See Types and Function Specifications — Erlang System Documentation v28.3.1 for official documentation.
This is checked by ‘dialyzer’.
The type system in the reference documentation is not the first type system ever developed for
Erlang, nor is it the last, see GitHub - erszcz/erlang-type-checker-comparison: Comparison of Erlang type checkers: Dialyzer, ETC, and Gradualizer
It is however the one with tools shipped with Erlang.
Read the documentation for ‘typer’ and ‘dialyzer’.

Back in the HiPE days there was work done on doing unboxed floating-point arithmetic.
IIRCAIPD[%] This needed the occasional hint in the code (use of is_float/1).
Performance was said to be close to other strict functional languages using strict
static types to get unboxed floating-point arithmetic.

I want to emphasise what I wrote before. START by finding benchmarks where Erlang’s performance
is surprisingly bad and try to figure out why.

It is also important to consider the importance of SCALE.
Here’s an anecdote that I’ve bored people with before.
Way back in the 80s I worked at Quintus, and we were very pleased with the
performance of Quintus Prolog. A rival company boasted that they had much
better performance because they compiled to native code. So we got an
evaluation copy of their system, and ran some benchmarks.
1 page program: their system was 4 times faster than ours.
4 page program: the two systems were the same speed.
40 page program: our system was 4 times faster than theirs.
Why? Cache. Our emulator fitted into instruction cache.
(Even today, the laptop I’m using has only 128kB of L1 cache per core,
so having under 64kB of native code would still pay off.)
Native code was much bulkier than emulated code, so for large programs
we were humming along in L1 and they were mostly running from L2 or RAM.
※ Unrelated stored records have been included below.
Lemma coef_glue (E : finType) (V : Type) (U : set (Simp E)) (F : {set E})
    (s s' : seq (int * (Simp E -> V))) g :
  coef (agree_on U) [seq (p.1 * q.1, Defs.glue F p.2 q.2) | p <- s, q <- s'] g =
  coef (agree_on (U `&` face F)) s g * coef (agree_on (U `&` ~` face F)) s' g.
Proof.
apply: coef_allpairs => p q _ _; rewrite /agree_on /Defs.glue; split.
  by move=> pqg; split=> t [Ut Ft]; have := pqg t Ut; [rewrite asboolT|rewrite asboolF].
by move=> [pg qg] t Ut; case: asboolP => Ft; [apply: pg|apply: qg].
Qed.

Definition chain_based_on (A : Type) (X Y : ptopologicalType) (U : set A)
    (S : seq (int * (A -> {compact-open, X -> Y}))) : Prop :=
  forall p, List.In p S -> forall t, U t -> p.2 t point = point.

Section WedgeChain.
Variables (X1 X2 Y : ptopologicalType).

Definition wedge2_chain (A : Type) (S1 : seq (int * (A -> {compact-open, X1 -> Y})))
    (S2 : seq (int * (A -> {compact-open, X2 -> Y})))
  : seq (int * (A -> {compact-open, wedge2 X1 X2 -> Y})) :=
  [seq (p.1 * q.1, wedge2_join p.2 q.2) | p <- S1, q <- S2].

Lemma coef_agree_wedge2_chain (A : Type) (U : set A) S1 S2
    (g : A -> {compact-open, wedge2 X1 X2 -> Y}) :
  chain_based_on U S1 -> chain_based_on U S2 ->
  coef (agree_on U) (wedge2_chain S1 S2) g =
  coef (agree_on U) S1 (fun t => g t \o wedge2_lift X1 X2 true) *
  coef (agree_on U) S2 (fun t => g t \o wedge2_lift X1 X2 false).
Proof.
move=> bS1 bS2; apply: coef_allpairs => p q S1p S2q; apply: agree_on_wedge2 => t Ut.
by rewrite bS1 ?bS2.
Qed.

Lemma combine_seq_wedge2_chain (E : finType) (l : seq {set E}) (U : set (Simp E))
    S1 S2 (g : Simp E -> {compact-open, wedge2 X1 X2 -> Y}) :
  chain_based_on U S1 -> chain_based_on U S2 ->
  coef (agree_on U) (combine_seq (cstmap (wedge2 X1 X2) Y) l (wedge2_chain S1 S2)) g =
  coef (agree_on U) (combine_seq (cstmap X1 Y) l S1)
    (fun t => g t \o wedge2_lift X1 X2 true) *
  coef (agree_on U) (combine_seq (cstmap X2 Y) l S2)
    (fun t => g t \o wedge2_lift X1 X2 false).
Proof.
elim: l U => [|F l IH] U bS1 bS2 /=.
  have -> : [:: (1, fun _ => cstmap (wedge2 X1 X2) Y)] =
      wedge2_chain [:: (1, fun _ => cstmap X1 Y)] [:: (1, fun _ => cstmap X2 Y)].
    by rewrite /wedge2_chain /= mulr1 /wedge2_join wedge2_fun_cst.
  by apply: coef_agree_wedge2_chain => p [<-|//] t _.
rewrite !coef_glue IH ?coef_agree_wedge2_chain; first by ring.
all: move=> p Sp t [Ut _]; by [apply: bS1 | apply: bS2].
Qed.

Lemma fissile_wedge2_chain (E : finType) S1 S2 :
  chain_based_on (@simplex E) S1 -> chain_based_on (@simplex E) S2 ->
  fissile (cstmap X1 Y : {compact-open, X1 -> Y}) S1 ->
  fissile (cstmap X2 Y : {compact-open, X2 -> Y}) S2 ->
  fissile (cstmap (wedge2 X1 X2) Y : {compact-open, wedge2 X1 X2 -> Y})
    (wedge2_chain S1 S2).
Proof.
move=> bS1 bS2 fS1 fS2 A lA g.
have LS : layout_space A `<=` @simplex E by move=> t [F _ []].
have bS1L : chain_based_on (layout_space A) S1 by move=> p Sp t /LS; apply: bS1.
have bS2L : chain_based_on (layout_space A) S2 by move=> p Sp t /LS; apply: bS2.
rewrite coef_agree_wedge2_chain // (fS1 A lA) (fS2 A lA) !combineE.
by rewrite combine_seq_wedge2_chain.
Qed.

End WedgeChain.

Lemma coef_cons_fs_neg (T G : Type) (P : T -> G -> Prop) (w : T) s g :
  coef P ((1, w) :: fs_neg s) g = (if `[< P w g >] then 1 else 0) - coef P s g.
Proof. by rewrite coef_cons coef_fs_neg. Qed.

Section WedgePull.
Variables (X1 X2 : ptopologicalType).

(* A point of the wedge may lie on both summands (the wedge point does), and
   is then pulled back to both. *)
Definition wedge2_pull (A : Type) (b : bool) (q : seq (A * wedge2 X1 X2))
  : seq (A * (if b then X1 else X2)) :=
  [seq (j.1, xget point [set y | wedge2_lift X1 X2 b y = j.2]) | j <- q &
     `[< exists y, wedge2_lift X1 X2 b y = j.2 >]].
Lemma gap_contraction u : - de <= u <= de ->
  nrm (vsub (W1' u) (W2' u)) <= 0 + (kgap * de + (C0 + C1)) * M.
Proof.
  intros Hu. pose proof common_radius as [Hde [Hde1 Hde2]].
  pose proof (Rmax_l d1 d2); pose proof (Rmax_r d1 d2); pose proof kW_nonneg; pose proof kW'_nonneg.
  assert (Hmax : Rmax d1 d2 * ksize <= eps) by (apply Rmax_case; auto).
  assert (Hmixed : Neps nrm eps P u (W1 u) (W1 (W1 u Fin.F1)) (W2' u) (W2' (W2 u Fin.F1))).
  { apply (Neps_of_small (Rmax d1 d2)); auto; [apply Rabs_le_iff; lra| | | |].
    - apply (Rle_trans _ (kW * d1)); [apply (W_small d1 W1 W1'); auto; lra|].
      apply Rmult_le_compat_l; lra.
    - apply (Rle_trans _ (kW * d1)); [apply (W_small d1 W1 W1'); auto; apply Hw1; lra|].
      apply Rmult_le_compat_l; lra.
    - apply (Rle_trans _ (kW' * d2)); [apply (W'_near_P d2 W2 W2'); auto; lra|].
      apply Rmult_le_compat_l; lra.
    - apply (Rle_trans _ (kW' * d2)); [apply (W'_near_P d2 W2 W2'); auto; apply Hw2; lra|].
      apply Rmult_le_compat_l; lra. }
  rewrite (Hsol1 u) at 1 by lra. rewrite (Hsol2 u) at 1 by lra.
  eapply Rle_trans; [apply (H_sub_le u u); auto; [apply HNW2|apply HNW2|apply HNW1]; lra|].
  rewrite Rminus_diag, Rabs_R0, Rmult_0_r, Rplus_0_l.
  pose proof (gap_W_le u Hu). pose proof (gap_W_delay_le u Hu). pose proof (gap_W'_delay_le u Hu).
  pose proof (HM u Hu).
  apply Rle_trans with (L0 * (kN * M * de) + L1 * (kN * M * de + kW * (c1 * (kN * M * de)))
                        + C0 * M + C1 * (M + kW' * (c1 * (kN * M * de)))).
  - repeat apply Rplus_le_compat; apply Rmult_le_compat_l; auto.
  - unfold kgap. right; ring.
Qed.

End GapBound.

Hypothesis Hcontr : kgap * de + (C0 + C1) < 1.
Theorem mainTheorem8 (CD : constraint_domain) (Fn Pr : Type) (pol : Pr -> bool)
  (G D : list (hyp CD Fn Pr)) (C : prop CD Fn Pr) (w : wexp CD)
  (Gm : list (nhyp CD Fn Pr)) (Dp : list (phyp CD Fn Pr)) (Cm : nprop CD Fn Pr) :
  useq G D C w ->
  Forall2 (fun (h : hyp CD Fn Pr) (h' : nhyp CD Fn Pr) =>
             snd h' = snd h /\ neg_polarization pol (fst h) (fst h')) G Gm ->
  Forall2 (fun (h : hyp CD Fn Pr) (h' : phyp CD Fn Pr) =>
             snd h' = snd h /\ pos_polarization pol (fst h) (fst h')) D Dp ->
  neg_polarization pol C Cm ->
  act pol [] [] (map (fun h : nhyp CD Fn Pr => (PBang (fst h), snd h)) Gm ++ Dp)
      (RN Cm w).
Proof.
  intros HU HG HD HC.
  destruct (Forall2_pos_neg_pol_hyp HD) as [HDn HDw].
  apply act_bang_hyps. rewrite app_nil_r.
  rewrite <- (app_nil_r Dp). apply act_neg_hyps_active; auto.
  rewrite app_nil_r. exact (useq_focused_derivable HU HG HDn HC).
Qed.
Do not dismiss the effect of STYLE. Performance problems mainly exist
between keyboard and screen. Another anecdote from the Quintus days.
There were major implementation changes between QP2 and QP3, which meant
that some undocumented behaviour ceased to work. One of our customers
complained that this broke a program of theirs. On getting the code,
I rewrote it so that it ran in both QP2 and QP3. And it was 700
times faster. That’s not a percentage. Of course we lost that customer.
(Joe Armstrong: “nobody likes the bearer of good news.”)
I’ve spent a lot of time looking at the RosettaCode site.
I regularly find that examples in a language I’m interested in can
be rewritten to be several times faster. Presumably this is because
I was seriously trying to write performant code while the author(s)
of the examples were trying to optimise something else. The point is
that “reasonable” code in one implementation of one language can vary
substantially in performance. There are two XML parsers I use.
Both are written in C. The one I wrote is about 13 times faster than
the other. The other one is able to do much more, it’s just that I don’t need it to.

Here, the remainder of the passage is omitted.